Use them to fine-tune the smaller model using a normal language modeling objective.
This approach (although not commercially viable) was heavily utilized by a variety of open-source LLMs—including Alpaca, Vicuna, Koala, and more [3, 4, 5]—to create language models much closer to the quality or ChatGPT or GPT-4.
knowledge distillation. The idea of knowledge distillation for deep neural networks was originally explored in . To put it simply, knowledge distillation uses a (large) fully-trained neural network as a training signal for another (small) neural network; see above. If we train a neural network using both i) the normal training data and ii) the output of a larger, more powerful neural network over that data, then we will typically arrive at a better result than training a neural network over the data alone. By using its output as a training target, we can distill some of the information from a larger “teacher” network into a smaller “student” network that is being trained. For more details, check out the link below.
Although many types of knowledge distillation exist, the variant considered in this overview is referred to as model imitation, where we use the output of a teacher LLM as a training target for supervised fine-tuning of another LLM.

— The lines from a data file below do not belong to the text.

Lemma H_lam_continue_in (x : R) : p0 <= x <= 0 -> continue_in H (Icc p0 0) x.
Proof.
  intros Hx; apply continue_in_agree with
    (fun y => (clamp p0 p1 y - p0) / lam + inv_Gamma_primitive (clamp p1 0 y));
    [| exact Hx | intros y Hy; symmetry; apply H_lam_Icc, Hy].
  apply continuity_pt_plus.
  - apply continuity_pt_mult; [|apply continuity_pt_const; intros ? ?; reflexivity].
    apply continuity_pt_minus; [apply continuity_pt_clamp; lra|].
    apply continuity_pt_const; intros ? ?; reflexivity.
  - apply (continuity_pt_comp (clamp p1 0)); [apply continuity_pt_clamp; lra|].
    apply derivable_continuous_pt; exists (inv_Gamma_ext (clamp p1 0 x)).
    apply derivable_pt_lim_RInt, inv_Gamma_ext_continuity.
Qed.

Lemma H_lam_C2_left : C2_on p0 p1 H (fun _ => / lam) (fun _ => 0).
Proof.
  intros x Hx; split; [|split].
  - apply D_in_agree with (fun y => (y - p0) / lam);
      [| exact Hx | intros y Hy; symmetry; apply H_lam_left, Hy].
    apply is_derive_Reals; auto_derive; [exact I | field; lra].
  - apply Dconst.
  - exact (limit_free (fun _ => 0) _ x x).
Qed.

Lemma H_lam_C2_right :
  C2_on p1 0 H (fun p => / Gamma p) (fun p => - gamma (- p) * (/ Gamma p) ^ 3).
Proof.
  intros x Hx; split; [|split].
  - apply D_in_agree with (fun y => inv_Gamma_primitive y + (p1 - p0) / lam);
      [| exact Hx | intros y Hy; symmetry; apply H_lam_right, Hy].
    rewrite <- inv_Gamma_ext_eq, <- Rplus_0_r by exact Hx.
    apply derivable_pt_lim_plus; [|apply derivable_pt_lim_const].
    apply derivable_pt_lim_RInt, inv_Gamma_ext_continuity.
  - eapply D_in_deriv_eq.
    + apply D_in_inv_of_sqr; [exact HGamma_pos | exact Hx | apply HGamma_sqr, Hx |].
      apply Gamma_continue_in, Hx.
    + pose proof (HGamma_pos x Hx); cbv beta; field; lra.
  - apply continue_in_agree with
      (fun p => - gamma (- p) * (inv_Gamma_ext p * (inv_Gamma_ext p * (inv_Gamma_ext p * 1))));
      [| exact Hx | intros y Hy; rewrite inv_Gamma_ext_eq by exact Hy; reflexivity].
    pose proof (inv_Gamma_ext_continuity x).
    repeat apply continuity_pt_mult; try assumption.
    + apply continuity_pt_opp, (continuity_pt_comp Ropp gamma).
      * apply continuity_pt_opp, continuity_pt_id.
      * apply smooth_continuity_pt, Hgamma.
    + apply continuity_pt_const; intros ? ?; reflexivity.
Qed.

Lemma H_lam_laminar_solution (g rho_jump ell : R) :
  ell = RInt (fun p => / Gamma p) p1 0 ->
  laminar_solution g rho_jump ell gamma p0 p1 H (Q_lam g rho_jump Gamma p0 p1 lam)
    (fun _ => / lam) (fun _ => 0) (fun p => / Gamma p)
    (fun p => - gamma (- p) * (/ Gamma p) ^ 3).
Proof.
  intros Hell.
  split; [exact H_lam_continue_in|].
  split; [exact H_lam_C2_left|].
  split; [exact H_lam_C2_right|].
  split; [reflexivity|].
  split; [reflexivity|].
  split; [|split].
  - rewrite H_lam_left by lra; unfold Q_lam.
    pose proof (HGamma_pos p1 (conj (Rle_refl p1) (Rlt_le _ _ Hp1))).
    field; lra.
  - rewrite H_lam_right, H_lam_left, Hell, RInt_inv_Gamma by lra; reflexivity.
  - rewrite H_lam_left by lra; unfold Rdiv; ring.
Qed.

End ExplicitFamily.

types of model imitation. There are a variety of high-quality LLMs available online, but many of them are only accessible via a black-box API. Instead of having access to the model itself, we can only provide input to the model and receive output (possibly with associated log probabilities). Model imitation collects data from these APIs and uses it for fine-tuning, allowing any model to imitate the output of a proprietary LLM. There are two basic types of imitation:
Local Imitation: learn to imitate a model’s behavior on a specific task, instead of imitating its behavior as a whole.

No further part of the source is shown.